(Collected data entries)

Lemma normc_A_le i j :
  normc (A i j) <= (alpha i)^-1 * (4 * pi * dist3 (x i) (x j))^-1.
Proof.
rewrite A_entry Normc.normcM; apply: ler_pM; rewrite ?normc_ge0 //.
  have Vdiag_gt0 := lt_le_trans (alpha_gt0 i) (alpha_le_normc_Vdiag i).
  by rewrite Normc.normcV lef_pV2 ?posrE ?alpha_gt0 ?alpha_le_normc_Vdiag.
exact: normc_PK_le.
Qed.

Hypothesis small_coupling : \sum_(m < N) \sum_(n < N | n != m)
  1 / ((4 * pi * alpha m) ^+ 2 * dist3 (x m) (x n) ^+ 2) < 1.

Lemma frob_A_lt1 : frob A < 1.
Proof.
rewrite /frob -[X in _ < X]sqrtr1 ltr_sqrt ?ltr01 //.
apply: (le_lt_trans _ small_coupling).
apply: ler_sum => i _.
rewrite (bigD1 i) //= A_diag Normc.normc0 expr2 mul0r add0r.
apply: ler_sum => j _.
have -> : 1 / ((4 * pi * alpha i) ^+ 2 * dist3 (x i) (x j) ^+ 2) =
    ((alpha i)^-1 * (4 * pi * dist3 (x i) (x j))^-1) ^+ 2.
  by rewrite mul1r !expr2 !invfM; ring.
have := normc_A_le i j; have := normc_ge0 (A i j); nra.
Qed.

Lemma VK_mul_1B : VK alpha k *m (1%:M - A) = GammaK x alpha k.
Proof.
rewrite mulmxBr mulmx1 mulmxA mulmxV ?VK_unit // mul1mx.
by apply/matrixP => i j; rewrite !mxE.
Qed.

Lemma GammaK_unit : GammaK x alpha k \in unitmx.
Proof. by rewrite -VK_mul_1B unitmx_mul VK_unit unitmx_1B_frob ?frob_A_lt1. Qed.
Lemma realizes_node v (D1 D2 : {set T}) (C1 C2 : seq profile) :
  [disjoint D1 & D2] -> desc v = v |: (D1 :|: D2) ->
  branch v D1 -> branch v D2 -> C1 \in branch_classes -> C2 \in branch_classes ->
  branch_realizes v D1 C1 -> branch_realizes v D2 C2 ->
  exists2 C, C \in profile_classes & realizes v C.
Proof.
move=> dis dv bD1 bD2 C1P C2P real1 real2.
have /allP /(_ C1 C1P) /allP /(_ C2 C2P) /hasP [C CP /allP combC] := profile_classes_closed.
exists C => // c /combC /hasP [b _ /hasP [c1 c1C /hasP [c2 c2C comb]]].
have [S1 S1D1 prof1] := real1 c1 c1C; have [S2 S2D2 prof2] := real2 c2 c2C.
exact: (node_profile e_sym g_sub_e par_map dis dv (notin_branch par_map bD1)
  (notin_branch par_map bD2) S1D1 S2D2 prof1 prof2 comb).
Qed.

Lemma realizes_subtree v : v != r -> exists2 C, C \in profile_classes & realizes v C.
Proof.
have [m] := ubnP #|desc v|; elim: m v => // m IH v lt_vm vr.
have IHc c : c \in children v -> exists2 C, C \in profile_classes & realizes c C.
  move=> cv; apply: IH; first exact: leq_trans (card_desc_child par_map cv) (ltnSE lt_vm).
  by move: cv; rewrite inE => /andP [].
have [D1 [D2 [dis dv bD1 bD2 _]]] := desc_split par_map (children_le2 vr).
have [C1 C1P real1] := branch_realizes_class bD1 IHc.
have [C2 C2P real2] := branch_realizes_class bD2 IHc.
exact: realizes_node dis dv bD1 bD2 C1P C2P real1 real2.
Qed.

Lemma exp_dominating_bound : #|children r| <= 1 ->
  exists S : {set T}, exp_dominating e S /\ 3 * #|S| <= #|T| + 2.
Proof.
move=> root_le1.
have IHc c : c \in children r -> exists2 C, C \in profile_classes & realizes c C.
  by move=> cv; apply: realizes_subtree; move: cv; rewrite inE => /andP [].
have [D1 [D2 [dis dv bD1 _ D2_0]]] := desc_split par_map (leq_trans root_le1 (isT : 1 <= 2)).
move: dis dv; rewrite D2_0 // => dis dv.
have [C1 C1P real1] := branch_realizes_class bD1 IHc.
have /allP /(_ C1 C1P) /hasP [b _ /hasP [c1 c1C /hasP [c2 /[!inE] /eqP -> comb]]] :=
  root_combinable.
have [S1 S1D1 prof1] := real1 c1 c1C.
have [S _ [card_S _ dom_S]] := node_profile e_sym g_sub_e par_map dis dv (notin_branch par_map bD1)
  (negbT (in_set0 r)) S1D1 (sub0set set0) prof1 (branch_profile0 e r) comb.
exists S; split; last by move: card_S; rewrite (desc_root par_map) cardsT; lia.
move=> u; apply: (dom_S S) => //; last by rewrite (desc_root par_map).
by rewrite quarter0; apply: receives0.
Qed.

End Induction.
(* [wardrop_latency E s t r l c]: c is L(G,r,l), i.e. there is a Wardrop flow
   and c is the common latency of its used paths (0 if r = 0). *)
Definition wardrop_latency (E : list edge) (s t : nat) (r : R)
    (l : edge -> R -> R) (c : R) : Prop :=
  exists phi, is_wardrop E s t r l phi /\
    ((r = 0 /\ c = 0) \/
     (0 < r /\ exists p, 0 < path_value phi p /\ c = path_lat l phi p)).

Definition cont_nonneg (f : R -> R) : Prop :=
  forall x, 0 <= x -> forall eps, 0 < eps -> exists delta, 0 < delta /\
    forall y, 0 <= y -> Rabs (y - x) < delta -> Rabs (f y - f x) < eps.

Definition latency_fn (E : list edge) (l : edge -> R -> R) : Prop :=
  forall e, In e E ->
    (forall x, 0 <= x -> 0 <= l e x) /\
    (forall x y, 0 <= x -> x <= y -> l e x <= l e y) /\
    cont_nonneg (l e).

(* Subgraph H with the same source and sink is given by its edge set EH ⊆ E. *)
Definition vulnerable (V : list nat) (E : list edge) (s t : nat) : Prop :=
  exists (r : R) (l : edge -> R -> R) (EH : list edge) (cG cH : R),
    0 <= r /\ latency_fn E l /\ incl EH E /\
    wardrop_latency E s t r l cG /\ wardrop_latency EH s t r l cH /\ cH < cG.

Definition in_sum (E : list edge) (f : edge -> R) (v : nat) : R :=
  sumR (map f (filter (fun e => Nat.eqb (snd e) v) E)).
Definition out_sum (E : list edge) (f : edge -> R) (v : nat) : R :=
  sumR (map f (filter (fun e => Nat.eqb (fst e) v) E)).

» EXERCISE BRIEF
Exactly reproduce the lines from the one containing "(forall x y, 0" through the end of the records, and only those lines.

» ANSWER TO THE EXERCISE
    (forall x y, 0 <= x -> x <= y -> l e x <= l e y) /\
    cont_nonneg (l e).

(* Subgraph H with the same source and sink is given by its edge set EH ⊆ E. *)
Definition vulnerable (V : list nat) (E : list edge) (s t : nat) : Prop :=
  exists (r : R) (l : edge -> R -> R) (EH : list edge) (cG cH : R),
    0 <= r /\ latency_fn E l /\ incl EH E /\
    wardrop_latency E s t r l cG /\ wardrop_latency EH s t r l cH /\ cH < cG.

Definition in_sum (E : list edge) (f : edge -> R) (v : nat) : R :=
  sumR (map f (filter (fun e => Nat.eqb (snd e) v) E)).
Definition out_sum (E : list edge) (f : edge -> R) (v : nat) : R :=
  sumR (map f (filter (fun e => Nat.eqb (fst e) v) E)).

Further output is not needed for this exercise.